▶ [Goal of the exercise]:
In the material below, find all lines with the string "Import" and copy them.
***
(* Let $g\in\Gamma$, $p\in\Pi$, and $\alpha\in g\Gamma_p$, and let $\mathcal{H}\subset X$ be the horoball based at the coset $g\Gamma_p$. Let $\tau$ be a regular geodesic in $X$ from $\mathrm{id}$ to $\alpha$. Then $\tau\cap\mathcal{H}$ contains a subsegment of length at least $|\alpha|_X-(|g|_X+12\delta)$. Moreover, if $\mathcal{H}'\ne\mathcal{H}$ is any other horoball of $X$, then every component of $\tau\cap\mathcal{H}'$ has length at most $|g|_X+12\delta$.
   Context: $\Gamma$ is a finitely generated group hyperbolic relative to a finite collection $\mathcal{P}$ of infinite subgroups, with finite symmetric generating set $\mathcal{S}$ such that $P\cap\mathcal{S}$ generates $P$ for each $P\in\mathcal{P}$. $X$ is the Groves–Manning cusped space: $\mathrm{Cay}(\Gamma,\mathcal{S})$ with a combinatorial horoball glued along each left coset $gP$; it is a locally finite graph with unit-length edges and metric $d_X$, and $\delta\ge1$ is an integer such that $X$ is $\delta$-hyperbolic. $|g|_X:=d_X(\mathrm{id},g)$. $\Pi$ is the set of points of the Bowditch boundary fixed by the groups in $\mathcal{P}$, and $\Gamma_p\in\mathcal{P}$ the group fixing $p\in\Pi$. Depth $D_X$ of a vertex is its distance to the Cayley graph, extended linearly over edges. A horoball is the smallest full subgraph containing the closure of a component of $D_X^{-1}(0,\infty)$; it meets the Cayley graph in a single coset $gP$ and is said to be based at $gP$. A geodesic $\gamma:[a,b]\to\mathcal{H}$ in a horoball is regular if there are $a\le A\le B\le b$ with $B-A\le3$ such that $\frac{d}{dt}D_X(\gamma(t))$ is $1$ for $t<A$, $0$ for $A<t<B$, $-1$ for $t>B$; a geodesic in $X$ is regular if every intersection with a horoball is regular. *)

From Stdlib Require Import List Arith Lia.
Import ListNotations.
Set Implicit Arguments.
***
▶ [Solution for this task]:
From Stdlib Require Import List Arith Lia.
Import ListNotations.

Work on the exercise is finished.